# Task item
Reproduce precisely the lines between the start of the data below and the line with "apply: eq_bigr => s r_s.", both included.

# Dataset excerpts
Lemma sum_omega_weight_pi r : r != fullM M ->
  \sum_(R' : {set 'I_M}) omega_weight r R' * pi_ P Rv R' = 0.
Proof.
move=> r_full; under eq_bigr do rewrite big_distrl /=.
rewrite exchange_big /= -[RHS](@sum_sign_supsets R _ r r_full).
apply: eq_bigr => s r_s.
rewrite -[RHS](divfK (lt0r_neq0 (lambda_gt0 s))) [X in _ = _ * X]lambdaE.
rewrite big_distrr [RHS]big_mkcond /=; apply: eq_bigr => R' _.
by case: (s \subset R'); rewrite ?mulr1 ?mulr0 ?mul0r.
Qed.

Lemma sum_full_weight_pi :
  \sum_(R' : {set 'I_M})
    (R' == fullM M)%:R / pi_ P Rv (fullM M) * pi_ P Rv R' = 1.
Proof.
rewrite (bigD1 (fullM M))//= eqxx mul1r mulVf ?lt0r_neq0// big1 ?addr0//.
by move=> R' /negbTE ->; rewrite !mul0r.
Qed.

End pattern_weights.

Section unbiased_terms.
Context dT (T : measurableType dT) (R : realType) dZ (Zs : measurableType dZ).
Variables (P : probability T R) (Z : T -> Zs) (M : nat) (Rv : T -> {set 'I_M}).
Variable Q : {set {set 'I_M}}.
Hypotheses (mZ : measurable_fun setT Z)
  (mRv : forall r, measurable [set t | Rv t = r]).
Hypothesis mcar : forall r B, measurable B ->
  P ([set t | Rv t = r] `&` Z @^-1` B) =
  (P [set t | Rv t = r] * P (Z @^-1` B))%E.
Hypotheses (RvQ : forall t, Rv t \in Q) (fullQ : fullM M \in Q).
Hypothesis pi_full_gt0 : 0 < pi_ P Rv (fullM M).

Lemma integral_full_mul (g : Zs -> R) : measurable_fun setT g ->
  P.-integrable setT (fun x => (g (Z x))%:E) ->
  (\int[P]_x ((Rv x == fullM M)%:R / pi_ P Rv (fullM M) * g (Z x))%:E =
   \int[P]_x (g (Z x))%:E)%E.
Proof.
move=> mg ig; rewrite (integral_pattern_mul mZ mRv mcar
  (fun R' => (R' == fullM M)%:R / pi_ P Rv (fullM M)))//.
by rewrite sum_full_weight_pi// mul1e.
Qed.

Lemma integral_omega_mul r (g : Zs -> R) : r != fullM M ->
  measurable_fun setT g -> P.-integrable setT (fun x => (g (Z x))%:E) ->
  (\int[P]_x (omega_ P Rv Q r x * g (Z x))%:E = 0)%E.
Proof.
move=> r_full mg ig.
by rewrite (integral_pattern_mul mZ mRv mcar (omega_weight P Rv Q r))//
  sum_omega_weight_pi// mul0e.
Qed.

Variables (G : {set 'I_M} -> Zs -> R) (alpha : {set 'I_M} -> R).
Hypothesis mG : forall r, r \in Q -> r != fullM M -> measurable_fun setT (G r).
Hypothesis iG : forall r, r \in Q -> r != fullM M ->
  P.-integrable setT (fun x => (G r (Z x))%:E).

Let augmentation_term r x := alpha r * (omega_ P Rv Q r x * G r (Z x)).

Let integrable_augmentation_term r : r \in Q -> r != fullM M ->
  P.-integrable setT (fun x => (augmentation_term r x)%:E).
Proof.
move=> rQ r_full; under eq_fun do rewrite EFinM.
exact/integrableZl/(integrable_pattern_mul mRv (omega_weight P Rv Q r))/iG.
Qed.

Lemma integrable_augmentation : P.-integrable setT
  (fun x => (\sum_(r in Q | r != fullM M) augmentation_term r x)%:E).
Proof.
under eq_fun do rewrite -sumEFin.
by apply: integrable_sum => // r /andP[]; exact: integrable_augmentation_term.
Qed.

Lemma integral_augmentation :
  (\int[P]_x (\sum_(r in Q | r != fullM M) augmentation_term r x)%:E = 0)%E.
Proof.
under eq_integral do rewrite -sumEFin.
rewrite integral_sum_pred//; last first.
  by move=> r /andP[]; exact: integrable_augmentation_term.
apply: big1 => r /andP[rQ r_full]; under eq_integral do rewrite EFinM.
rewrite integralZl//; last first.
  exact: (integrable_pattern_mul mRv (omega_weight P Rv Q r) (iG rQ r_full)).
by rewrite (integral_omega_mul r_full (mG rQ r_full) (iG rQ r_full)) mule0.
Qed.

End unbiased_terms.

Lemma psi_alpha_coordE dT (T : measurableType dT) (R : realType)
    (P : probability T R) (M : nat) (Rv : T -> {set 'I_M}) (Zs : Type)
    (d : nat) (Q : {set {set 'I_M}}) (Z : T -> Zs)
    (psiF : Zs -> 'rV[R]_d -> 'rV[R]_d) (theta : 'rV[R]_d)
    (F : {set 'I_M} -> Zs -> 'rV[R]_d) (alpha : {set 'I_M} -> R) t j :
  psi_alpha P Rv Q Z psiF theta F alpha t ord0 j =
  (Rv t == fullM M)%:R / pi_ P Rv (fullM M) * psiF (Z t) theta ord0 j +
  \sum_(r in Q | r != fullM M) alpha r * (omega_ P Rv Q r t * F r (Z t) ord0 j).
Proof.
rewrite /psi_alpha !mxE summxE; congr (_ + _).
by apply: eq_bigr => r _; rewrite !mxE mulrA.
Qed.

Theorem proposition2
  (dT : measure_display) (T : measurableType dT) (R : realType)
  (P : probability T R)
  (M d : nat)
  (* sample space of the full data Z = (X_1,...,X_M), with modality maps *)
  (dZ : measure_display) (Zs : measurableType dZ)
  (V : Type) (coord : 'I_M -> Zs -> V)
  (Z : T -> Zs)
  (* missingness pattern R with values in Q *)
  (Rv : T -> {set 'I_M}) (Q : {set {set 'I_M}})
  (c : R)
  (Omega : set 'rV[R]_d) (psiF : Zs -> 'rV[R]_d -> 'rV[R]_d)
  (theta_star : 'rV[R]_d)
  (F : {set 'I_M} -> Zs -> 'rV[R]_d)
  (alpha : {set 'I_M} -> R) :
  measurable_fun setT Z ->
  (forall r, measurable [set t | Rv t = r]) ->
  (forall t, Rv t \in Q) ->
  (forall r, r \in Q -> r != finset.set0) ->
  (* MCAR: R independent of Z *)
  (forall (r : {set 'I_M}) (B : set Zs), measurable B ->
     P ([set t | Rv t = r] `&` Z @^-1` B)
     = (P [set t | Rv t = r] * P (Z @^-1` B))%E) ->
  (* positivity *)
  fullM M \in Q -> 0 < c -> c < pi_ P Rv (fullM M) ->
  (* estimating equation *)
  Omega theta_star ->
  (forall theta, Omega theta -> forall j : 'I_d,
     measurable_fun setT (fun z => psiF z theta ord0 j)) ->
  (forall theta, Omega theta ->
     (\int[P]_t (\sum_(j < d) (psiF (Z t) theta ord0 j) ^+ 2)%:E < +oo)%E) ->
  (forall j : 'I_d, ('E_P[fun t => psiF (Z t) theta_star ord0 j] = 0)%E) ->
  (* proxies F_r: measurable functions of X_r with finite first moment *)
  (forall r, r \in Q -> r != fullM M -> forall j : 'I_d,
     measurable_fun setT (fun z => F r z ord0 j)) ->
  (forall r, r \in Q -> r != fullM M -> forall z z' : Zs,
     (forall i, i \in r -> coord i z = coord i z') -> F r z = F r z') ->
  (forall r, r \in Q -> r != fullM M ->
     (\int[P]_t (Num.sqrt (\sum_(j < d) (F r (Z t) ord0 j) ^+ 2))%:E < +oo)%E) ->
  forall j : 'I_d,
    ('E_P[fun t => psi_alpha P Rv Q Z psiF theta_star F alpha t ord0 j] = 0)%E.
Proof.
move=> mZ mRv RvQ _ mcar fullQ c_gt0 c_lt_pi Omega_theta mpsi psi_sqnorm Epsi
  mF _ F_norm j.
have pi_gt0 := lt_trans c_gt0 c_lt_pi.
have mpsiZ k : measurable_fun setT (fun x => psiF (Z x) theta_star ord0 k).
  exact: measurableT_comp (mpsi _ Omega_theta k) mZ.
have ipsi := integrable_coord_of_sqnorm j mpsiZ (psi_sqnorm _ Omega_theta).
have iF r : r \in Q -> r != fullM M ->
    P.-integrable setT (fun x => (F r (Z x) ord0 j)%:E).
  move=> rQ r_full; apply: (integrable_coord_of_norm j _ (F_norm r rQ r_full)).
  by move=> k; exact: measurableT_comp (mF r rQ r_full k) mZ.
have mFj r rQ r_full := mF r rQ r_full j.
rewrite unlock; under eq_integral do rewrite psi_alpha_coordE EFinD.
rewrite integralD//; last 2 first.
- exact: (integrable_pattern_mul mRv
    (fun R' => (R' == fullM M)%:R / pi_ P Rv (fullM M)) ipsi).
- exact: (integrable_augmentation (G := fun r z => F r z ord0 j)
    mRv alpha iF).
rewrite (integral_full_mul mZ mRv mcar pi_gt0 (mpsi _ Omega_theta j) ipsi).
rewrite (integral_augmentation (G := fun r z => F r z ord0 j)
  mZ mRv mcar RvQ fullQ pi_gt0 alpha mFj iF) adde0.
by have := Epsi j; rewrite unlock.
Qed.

# Answer area
Lemma sum_omega_weight_pi r : r != fullM M ->
  \sum_(R' : {set 'I_M}) omega_weight r R' * pi_ P Rv R' = 0.
Proof.
move=> r_full; under eq_bigr do rewrite big_distrl /=.
rewrite exchange_big /= -[RHS](@sum_sign_supsets R _ r r_full).
apply: eq_bigr => s r_s.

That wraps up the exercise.